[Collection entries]
____

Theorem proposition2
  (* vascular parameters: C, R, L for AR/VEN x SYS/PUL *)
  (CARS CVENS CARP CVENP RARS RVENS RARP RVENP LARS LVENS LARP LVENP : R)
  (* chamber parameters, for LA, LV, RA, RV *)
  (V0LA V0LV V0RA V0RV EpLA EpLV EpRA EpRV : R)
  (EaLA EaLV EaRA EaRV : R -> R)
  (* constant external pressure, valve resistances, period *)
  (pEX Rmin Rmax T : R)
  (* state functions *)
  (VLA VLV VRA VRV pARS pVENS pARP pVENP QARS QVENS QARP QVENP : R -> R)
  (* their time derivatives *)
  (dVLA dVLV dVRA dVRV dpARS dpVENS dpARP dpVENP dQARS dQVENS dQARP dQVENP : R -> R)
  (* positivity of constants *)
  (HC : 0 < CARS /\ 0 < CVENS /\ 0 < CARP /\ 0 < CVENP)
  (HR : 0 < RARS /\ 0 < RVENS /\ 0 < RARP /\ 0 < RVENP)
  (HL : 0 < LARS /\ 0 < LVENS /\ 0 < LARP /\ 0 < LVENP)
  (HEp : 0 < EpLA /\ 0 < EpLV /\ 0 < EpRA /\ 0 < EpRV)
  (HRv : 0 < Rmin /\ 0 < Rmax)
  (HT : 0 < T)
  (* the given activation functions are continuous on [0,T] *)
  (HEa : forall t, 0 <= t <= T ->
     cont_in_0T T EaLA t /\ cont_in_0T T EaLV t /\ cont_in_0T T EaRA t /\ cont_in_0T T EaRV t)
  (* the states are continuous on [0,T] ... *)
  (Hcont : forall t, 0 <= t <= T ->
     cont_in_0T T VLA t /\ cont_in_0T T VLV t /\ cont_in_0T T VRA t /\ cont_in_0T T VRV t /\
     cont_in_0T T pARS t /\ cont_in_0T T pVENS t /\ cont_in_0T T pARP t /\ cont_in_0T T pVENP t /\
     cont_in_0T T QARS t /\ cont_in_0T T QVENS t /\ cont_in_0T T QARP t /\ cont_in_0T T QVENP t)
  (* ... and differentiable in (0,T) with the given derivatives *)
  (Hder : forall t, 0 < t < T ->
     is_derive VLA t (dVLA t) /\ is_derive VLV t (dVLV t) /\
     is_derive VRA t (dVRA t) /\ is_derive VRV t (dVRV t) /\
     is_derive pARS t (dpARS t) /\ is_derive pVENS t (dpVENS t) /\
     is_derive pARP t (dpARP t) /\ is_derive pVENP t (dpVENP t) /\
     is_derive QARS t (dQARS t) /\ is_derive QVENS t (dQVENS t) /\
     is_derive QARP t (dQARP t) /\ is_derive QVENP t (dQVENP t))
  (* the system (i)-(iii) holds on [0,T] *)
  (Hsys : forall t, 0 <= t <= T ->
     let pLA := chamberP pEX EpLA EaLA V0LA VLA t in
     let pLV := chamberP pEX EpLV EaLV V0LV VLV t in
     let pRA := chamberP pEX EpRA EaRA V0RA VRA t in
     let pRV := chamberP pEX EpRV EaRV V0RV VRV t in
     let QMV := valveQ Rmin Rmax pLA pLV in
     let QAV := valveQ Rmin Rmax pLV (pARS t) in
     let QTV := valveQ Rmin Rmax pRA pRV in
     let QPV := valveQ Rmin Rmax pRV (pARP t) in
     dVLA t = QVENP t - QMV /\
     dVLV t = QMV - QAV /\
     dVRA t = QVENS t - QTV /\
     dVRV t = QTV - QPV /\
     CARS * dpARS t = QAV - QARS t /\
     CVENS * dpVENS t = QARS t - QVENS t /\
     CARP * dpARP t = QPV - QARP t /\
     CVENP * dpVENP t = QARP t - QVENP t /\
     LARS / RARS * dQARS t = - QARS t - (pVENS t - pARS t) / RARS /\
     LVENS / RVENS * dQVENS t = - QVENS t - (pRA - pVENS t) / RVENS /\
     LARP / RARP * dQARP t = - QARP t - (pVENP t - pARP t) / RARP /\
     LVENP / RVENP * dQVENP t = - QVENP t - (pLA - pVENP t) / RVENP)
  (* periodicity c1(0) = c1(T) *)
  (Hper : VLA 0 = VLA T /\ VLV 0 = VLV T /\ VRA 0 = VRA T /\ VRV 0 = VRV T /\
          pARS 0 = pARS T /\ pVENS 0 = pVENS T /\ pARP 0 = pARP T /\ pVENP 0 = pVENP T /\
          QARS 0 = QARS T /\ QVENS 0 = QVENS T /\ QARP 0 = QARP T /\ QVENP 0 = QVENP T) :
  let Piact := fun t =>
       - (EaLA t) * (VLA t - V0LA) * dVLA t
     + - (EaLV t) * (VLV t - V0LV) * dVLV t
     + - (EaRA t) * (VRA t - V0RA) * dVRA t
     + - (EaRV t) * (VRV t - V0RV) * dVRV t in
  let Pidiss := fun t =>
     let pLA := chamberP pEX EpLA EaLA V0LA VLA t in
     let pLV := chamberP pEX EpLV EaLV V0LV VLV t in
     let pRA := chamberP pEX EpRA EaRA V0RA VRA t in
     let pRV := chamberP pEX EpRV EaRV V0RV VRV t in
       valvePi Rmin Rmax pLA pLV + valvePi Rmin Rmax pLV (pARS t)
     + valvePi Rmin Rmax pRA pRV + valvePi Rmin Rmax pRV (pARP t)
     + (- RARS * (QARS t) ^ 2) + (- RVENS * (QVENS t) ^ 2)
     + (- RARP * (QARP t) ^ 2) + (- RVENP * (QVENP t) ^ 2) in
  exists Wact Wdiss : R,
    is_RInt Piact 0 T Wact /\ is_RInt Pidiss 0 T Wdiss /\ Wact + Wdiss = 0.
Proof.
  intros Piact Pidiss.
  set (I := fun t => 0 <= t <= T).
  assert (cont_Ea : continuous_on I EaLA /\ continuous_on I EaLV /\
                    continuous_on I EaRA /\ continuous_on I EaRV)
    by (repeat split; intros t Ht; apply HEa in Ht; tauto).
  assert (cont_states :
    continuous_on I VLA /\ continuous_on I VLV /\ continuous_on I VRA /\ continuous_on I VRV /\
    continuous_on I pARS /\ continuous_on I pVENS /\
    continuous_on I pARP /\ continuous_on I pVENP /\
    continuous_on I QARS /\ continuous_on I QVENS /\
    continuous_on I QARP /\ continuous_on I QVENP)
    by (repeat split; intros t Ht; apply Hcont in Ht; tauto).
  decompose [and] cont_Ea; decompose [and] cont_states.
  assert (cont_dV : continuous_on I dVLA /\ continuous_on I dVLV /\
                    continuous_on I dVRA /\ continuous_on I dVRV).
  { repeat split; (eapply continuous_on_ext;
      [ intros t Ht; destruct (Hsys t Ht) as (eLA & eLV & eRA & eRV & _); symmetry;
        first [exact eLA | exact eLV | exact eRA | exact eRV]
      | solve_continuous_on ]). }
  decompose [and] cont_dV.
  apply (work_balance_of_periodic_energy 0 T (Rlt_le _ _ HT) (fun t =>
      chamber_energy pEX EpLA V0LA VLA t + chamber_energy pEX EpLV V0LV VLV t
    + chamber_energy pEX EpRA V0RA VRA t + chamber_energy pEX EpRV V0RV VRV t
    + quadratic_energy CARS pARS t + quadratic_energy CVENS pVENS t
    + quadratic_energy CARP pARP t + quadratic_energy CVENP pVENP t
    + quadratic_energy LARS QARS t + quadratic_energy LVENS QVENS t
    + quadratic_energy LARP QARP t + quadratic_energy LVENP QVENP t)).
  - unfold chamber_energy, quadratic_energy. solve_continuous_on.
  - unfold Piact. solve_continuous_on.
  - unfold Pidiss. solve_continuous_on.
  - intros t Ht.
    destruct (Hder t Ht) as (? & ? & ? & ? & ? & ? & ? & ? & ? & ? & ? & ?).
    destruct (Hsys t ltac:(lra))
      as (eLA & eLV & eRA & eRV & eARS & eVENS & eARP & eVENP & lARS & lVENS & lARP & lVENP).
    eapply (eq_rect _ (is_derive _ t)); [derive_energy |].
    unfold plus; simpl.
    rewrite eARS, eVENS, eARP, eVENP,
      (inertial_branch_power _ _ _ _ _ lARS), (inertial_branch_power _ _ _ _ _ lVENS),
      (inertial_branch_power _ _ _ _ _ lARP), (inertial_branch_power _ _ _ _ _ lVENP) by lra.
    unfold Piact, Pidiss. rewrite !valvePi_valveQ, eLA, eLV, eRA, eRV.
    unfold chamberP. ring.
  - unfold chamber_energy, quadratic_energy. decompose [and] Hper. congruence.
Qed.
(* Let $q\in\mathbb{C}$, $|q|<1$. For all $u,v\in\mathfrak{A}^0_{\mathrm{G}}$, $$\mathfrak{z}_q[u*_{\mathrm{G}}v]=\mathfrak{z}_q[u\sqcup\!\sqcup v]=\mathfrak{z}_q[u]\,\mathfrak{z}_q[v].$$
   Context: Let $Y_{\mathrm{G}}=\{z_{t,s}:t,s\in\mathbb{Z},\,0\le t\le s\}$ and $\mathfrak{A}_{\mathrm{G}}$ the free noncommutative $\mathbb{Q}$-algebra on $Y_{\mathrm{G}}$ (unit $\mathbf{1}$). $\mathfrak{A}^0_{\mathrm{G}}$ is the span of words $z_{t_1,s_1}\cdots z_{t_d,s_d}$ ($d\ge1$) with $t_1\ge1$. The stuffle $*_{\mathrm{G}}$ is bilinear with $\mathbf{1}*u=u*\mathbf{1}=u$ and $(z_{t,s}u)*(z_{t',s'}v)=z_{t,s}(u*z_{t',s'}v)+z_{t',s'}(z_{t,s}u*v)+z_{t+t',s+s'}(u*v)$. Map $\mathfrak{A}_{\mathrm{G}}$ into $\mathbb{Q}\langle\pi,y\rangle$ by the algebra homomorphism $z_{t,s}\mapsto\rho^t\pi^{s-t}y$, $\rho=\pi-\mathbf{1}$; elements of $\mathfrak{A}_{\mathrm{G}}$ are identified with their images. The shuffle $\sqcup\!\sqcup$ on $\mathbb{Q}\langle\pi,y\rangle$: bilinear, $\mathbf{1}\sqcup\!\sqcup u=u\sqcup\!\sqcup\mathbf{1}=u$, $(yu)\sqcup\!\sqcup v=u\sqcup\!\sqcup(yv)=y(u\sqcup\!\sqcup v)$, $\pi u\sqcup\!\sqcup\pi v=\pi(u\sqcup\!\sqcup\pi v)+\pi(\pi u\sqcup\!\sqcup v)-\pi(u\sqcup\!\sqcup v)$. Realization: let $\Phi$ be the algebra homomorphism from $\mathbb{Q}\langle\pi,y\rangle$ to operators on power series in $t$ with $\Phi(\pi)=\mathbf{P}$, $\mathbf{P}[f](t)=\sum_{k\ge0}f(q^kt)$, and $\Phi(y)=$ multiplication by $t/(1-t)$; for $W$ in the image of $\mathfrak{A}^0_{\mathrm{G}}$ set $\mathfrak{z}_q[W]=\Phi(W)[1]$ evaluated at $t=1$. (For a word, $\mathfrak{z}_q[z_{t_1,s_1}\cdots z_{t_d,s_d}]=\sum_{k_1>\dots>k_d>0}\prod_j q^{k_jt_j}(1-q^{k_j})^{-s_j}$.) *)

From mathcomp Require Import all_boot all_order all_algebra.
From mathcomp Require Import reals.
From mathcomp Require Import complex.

____

### Assignment
Look above for the line holding "CVENP pVENP t" and the line holding "- unfold chamber_energy, quadratic_energy. solve_continuous_on.". Retype both, and every line between them, word for word and nothing else.

### Exercise solution
    + quadratic_energy CARP pARP t + quadratic_energy CVENP pVENP t
    + quadratic_energy LARS QARS t + quadratic_energy LVENS QVENS t
    + quadratic_energy LARP QARP t + quadratic_energy LVENP QVENP t)).
  - unfold chamber_energy, quadratic_energy. solve_continuous_on.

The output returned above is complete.